- **Problem to solve**:
Return the lines exactly as they stand, from the first of the material through the line containing "Section Substitution.".

- **Supplied entries**:
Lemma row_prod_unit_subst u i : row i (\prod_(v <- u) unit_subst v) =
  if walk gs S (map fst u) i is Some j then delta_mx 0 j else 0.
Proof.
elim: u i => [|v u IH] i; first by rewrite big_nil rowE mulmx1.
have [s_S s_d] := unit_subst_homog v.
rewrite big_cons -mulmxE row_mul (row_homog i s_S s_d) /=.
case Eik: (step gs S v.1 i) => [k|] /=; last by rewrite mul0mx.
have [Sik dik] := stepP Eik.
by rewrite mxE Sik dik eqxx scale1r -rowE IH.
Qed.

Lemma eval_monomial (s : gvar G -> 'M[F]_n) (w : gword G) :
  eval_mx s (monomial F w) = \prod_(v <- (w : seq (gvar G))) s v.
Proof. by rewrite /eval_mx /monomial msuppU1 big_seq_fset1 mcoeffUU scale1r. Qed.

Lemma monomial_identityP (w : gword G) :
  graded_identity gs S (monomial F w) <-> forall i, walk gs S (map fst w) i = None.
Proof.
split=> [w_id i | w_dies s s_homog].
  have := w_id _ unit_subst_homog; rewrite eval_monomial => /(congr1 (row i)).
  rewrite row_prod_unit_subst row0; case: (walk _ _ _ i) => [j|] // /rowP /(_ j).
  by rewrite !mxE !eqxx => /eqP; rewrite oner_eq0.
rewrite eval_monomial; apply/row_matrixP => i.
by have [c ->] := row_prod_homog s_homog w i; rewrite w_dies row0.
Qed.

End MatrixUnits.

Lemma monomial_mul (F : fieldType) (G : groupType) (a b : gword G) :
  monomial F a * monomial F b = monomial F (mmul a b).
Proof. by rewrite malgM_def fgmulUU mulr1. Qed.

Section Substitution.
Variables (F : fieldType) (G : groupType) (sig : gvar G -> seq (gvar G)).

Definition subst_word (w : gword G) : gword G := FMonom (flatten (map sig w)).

- **Response box**:
Lemma row_prod_unit_subst u i : row i (\prod_(v <- u) unit_subst v) =
  if walk gs S (map fst u) i is Some j then delta_mx 0 j else 0.
Proof.
elim: u i => [|v u IH] i; first by rewrite big_nil rowE mulmx1.
have [s_S s_d] := unit_subst_homog v.
rewrite big_cons -mulmxE row_mul (row_homog i s_S s_d) /=.
case Eik: (step gs S v.1 i) => [k|] /=; last by rewrite mul0mx.
have [Sik dik] := stepP Eik.
by rewrite mxE Sik dik eqxx scale1r -rowE IH.
Qed.

Lemma eval_monomial (s : gvar G -> 'M[F]_n) (w : gword G) :
  eval_mx s (monomial F w) = \prod_(v <- (w : seq (gvar G))) s v.
Proof. by rewrite /eval_mx /monomial msuppU1 big_seq_fset1 mcoeffUU scale1r. Qed.

Lemma monomial_identityP (w : gword G) :
  graded_identity gs S (monomial F w) <-> forall i, walk gs S (map fst w) i = None.
Proof.
split=> [w_id i | w_dies s s_homog].
  have := w_id _ unit_subst_homog; rewrite eval_monomial => /(congr1 (row i)).
  rewrite row_prod_unit_subst row0; case: (walk _ _ _ i) => [j|] // /rowP /(_ j).
  by rewrite !mxE !eqxx => /eqP; rewrite oner_eq0.
rewrite eval_monomial; apply/row_matrixP => i.
by have [c ->] := row_prod_homog s_homog w i; rewrite w_dies row0.
Qed.

End MatrixUnits.

Lemma monomial_mul (F : fieldType) (G : groupType) (a b : gword G) :
  monomial F a * monomial F b = monomial F (mmul a b).
Proof. by rewrite malgM_def fgmulUU mulr1. Qed.

Section Substitution.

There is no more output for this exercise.